Measures of functional status are included in most HRQL instruments and concerns a person’s ability to perform specific activities [40]. In a study of 231 hospice homecare patients, functional status was the most problematic HRQL domain [41], pointing to the need for appropriate measurements of this domain also in palliative care. The hypothesized Basic function and Activity scales in the AQEL correlated moderately with corresponding measures in the QLQ-C30. The Activity scale was also sensitive to differences in health status as defined by WHO performance status, while the association between Basic function and PS did not reach statistical significance. Since patients with a PS 2 are still able of self-care, a cut off between PS 2 and 3 may have yielded a stronger association, but the group of patients with a PS above 2 in the study sample was small (n = 5).

Anxiety and depression contribute to deteriorated health and cognitive functioning [42], and mental health is a key determinant of QoL [43]. Two scales concerning psychological issues were supported by the analysis, i.e. the Emotional and Cognitive function scales, which is consistent with the scale construct in the QLQ-C30 [4]. The corresponding scales in the two questionnaires correlated well.

The hypothesized two-item Social support scale was not fully supported by the multitrait scaling, but in the principal components analysis both items loaded on the same factor together with the reach staff item, which could also reflect social ability. The scale correlated well with the SSS total score, but not with the Social functioning scale in the QLQ-C30, which is conceptually concerned with social activities rather than with social support.

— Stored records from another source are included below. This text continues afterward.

Lemma has_card_Atree_root n (L : seq 'I_k) (a : 'I_k -> nat) : uniq L ->
  (forall c, c \in L -> has_card (Aforest (A c) n) (a c)) ->
  has_card (fun t => Atree n.+1 t /\ color t \in L) (\sum_(c <- L) a c).
Proof.
move=> uL cardF.
pose P c t := exists2 f, Aforest (A c) n f & t = CNode c f.
apply: eq_has_card (has_card_bigcup (P := P) uL _ _) => [t | c d t [f _ ->] [g _ []] // | c cL].
- split=> [[c cL [f [Af sf] ->]] | [[At st] tL]]; first by rewrite /Atree /= sf.
  by case: t At st tL => c f /= Af [sf] cL; exists c => //; exists f.
- by apply: has_card_image (cardF c cL) => f g [].
Qed.

Lemma has_card_Aforest_S (root : pred 'I_k) n (a b : nat -> nat) :
  (forall j, (j <= n)%N -> has_card (fun t => Atree j.+1 t /\ root (color t)) (a j)) ->
  (forall j, (j <= n)%N -> has_card (Aforest root (n - j)) (b j)) ->
  has_card (Aforest root n.+1) (\sum_(j < n.+1) a j * b j).
Proof.
move=> cardT cardF; rewrite -(big_mkord xpredT (fun j => a j * b j)).
pose P j f := exists2 p, (Atree j.+1 p.1 /\ root (color p.1)) /\ Aforest root (n - j) p.2
                       & f = p.1 :: p.2.
apply: eq_has_card (has_card_bigcup (P := P) (iota_uniq 0 n.+1) _ _)
  => [f | i j f [[t g] [[[_ st] _] _] ->] [[u h] [[[_ su] _] _] [tu _]] | j].
- split=> [[j] | ].
    rewrite mem_iota ltnS => jn [[t g] [[[At st] rt] [Ag sg]] ->].
    by split; rewrite /= ?rt ?At //= st sg addSn subnKC.
  case: f => [[] // | t g [/andP [/andP [rt At] Ag] sg]].
  have st := csize_gt0 t; rewrite /= in sg.
  exists (csize t).-1; first by rewrite mem_iota; lia.
  by exists (t, g) => //=; split; split; rewrite ?prednK //; lia.
- by move: st; rewrite tu su => -[].
- rewrite mem_iota add0n ltnS => jn.
  apply: has_card_image (has_card_prod (cardT j jn) (cardF j jn)).
  by move=> [t g] [u h] /= [-> ->].
Qed.

Lemma Atree_finite n :
  (exists a, has_card (Atree n) a) /\ forall root, exists b, has_card (Aforest root n) b.
Proof.
elim/ltn_ind: n => -[_ | n IH].
  by split=> [| root]; [exists 0; exact: has_card_Atree0 | exists 1; exact: has_card_Aforest0].
have treeS : exists a, has_card (Atree n.+1) a.
  eexists; apply: eq_has_card (has_card_Atree_root (n := n) (enum_uniq 'I_k) _) => [t | c _].
    by split=> [[] | ]; rewrite ?mem_enum.
  exact/card_ofP/(IH n (ltnSn n)).2.
have trees j : (j <= n)%N -> exists a, has_card (Atree j.+1) a.
  by rewrite leq_eqVlt => /orP [/eqP -> // | jn]; exact: (IH j.+1 jn).1.
split=> // root; eexists; apply: has_card_Aforest_S => j jn; apply: card_ofP.
  by have [a /has_card_filter] := trees j jn; apply.
by apply: (IH _ _).2; rewrite ltnS leq_subr.
Qed.

(* [tA A n] unfolds to [card_of (Atree n)]. *)
Lemma has_card_tA n : has_card (Atree n) (tA A n).
Proof. exact/card_ofP/(Atree_finite n).1. Qed.

End ColoredTrees.

Section ExtendedMatrix.
Variables (m m' : nat) (A : coloring_matrix m).
Local Notation B := (extA m' A).

Lemma extAEul i j : B (lshift m' i) (lshift m' j) = A i j.
Proof. by rewrite /extA block_mxEul. Qed.

Lemma extAEur i j : B (lshift m' i) (rshift m j) = false.
Proof. by rewrite /extA block_mxEur mxE. Qed.

Lemma extAEd i c : B (rshift m i) c = true.
Proof. by case: (split_ordP c) => j ->; rewrite /extA (block_mxEdl, block_mxEdr) mxE. Qed.

Fixpoint lshift_ctree (t : ctree m) : ctree (m + m') :=
  let: CNode c ts := t in CNode (lshift m' c) (map lshift_ctree ts).

Lemma color_lshift_ctree t : color (lshift_ctree t) = lshift m' (color t).
Proof. by case: t. Qed.

Lemma csize_lshift_ctree t : csize (lshift_ctree t) = csize t.
Proof.
elim/ctree_ind_In: t => c ts IH /=; rewrite -map_comp.
by congr (sumn _).+1; apply: eq_map_In.
Qed.

Lemma Acolored_lshift_ctree t : Acolored B (lshift_ctree t) = Acolored A t.
Proof.
elim/ctree_ind_In: t => c ts IH /=; rewrite all_map.
by apply: eq_all_In => t /IH /= ->; rewrite color_lshift_ctree extAEul.
Qed.

Lemma lshift_ctree_inj : injective lshift_ctree.
Proof.
elim/ctree_ind_In => c ts IH [d us] /= [/ord_inj -> E]; congr CNode.
elim: ts us IH E => [|t ts IHts] [|u us] IH //= [tu E].
rewrite (IH t _ u tu); last by left.
by rewrite (IHts us) // => s sts; apply: IH; right.
Qed.

Lemma Acolored_extA_lshift_root t i : Acolored B t -> color t = lshift m' i ->
  exists u, t = lshift_ctree u.
Proof.
elim/ctree_ind_In: t i => c ts IH i /= Bts ci; subst c.
suff [us ->] : exists us, ts = map lshift_ctree us by exists (CNode i us).
elim: ts IH Bts => [|t ts IHts] IH /=; first by exists [::].
case/andP => /andP [Bit Bt] Bts.
have [us ->] := IHts (fun s sts => IH s (or_intror sts)) Bts.
case: (split_ordP (color t)) Bit => [j tj | j ->]; last by rewrite extAEur.
by have [u ->] := IH t (or_introl erefl) j Bt tj; exists (u :: us).
Qed.

Definition nforest s := card_of (Aforest B predT s).

Lemma has_card_nforest s : has_card (Aforest B predT s) (nforest s).
Proof. exact/card_ofP/(Atree_finite B s).2. Qed.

We found it appropriate to include existential items in a HRQL questionnaire elaborated for palliative care, which is also indicated in the conceptual definitions [2, 3] and in research in palliative care patients [6, 9]. As was hypothesised, the Existential needs scale correlated well with Meaningfulness in SOC-13. The 2-item scale construct was also supported by the multitrait analysis. In the principal components analysis, however, the Existential needs items were grouped together with Basic function items. We have no conceptually valid explanation for this and propose that the two scales be analysed separately.

Conclusion

In summary, the analysis provided some evidence for the validity of the AQEL based on multitrait analysis and its correlation with other conceptually similar measures. Additional work is needed to understand the structure of the measure, as well as its responsiveness to palliative interventions and clinical change in populations of patients with cancer close to the end of their lives.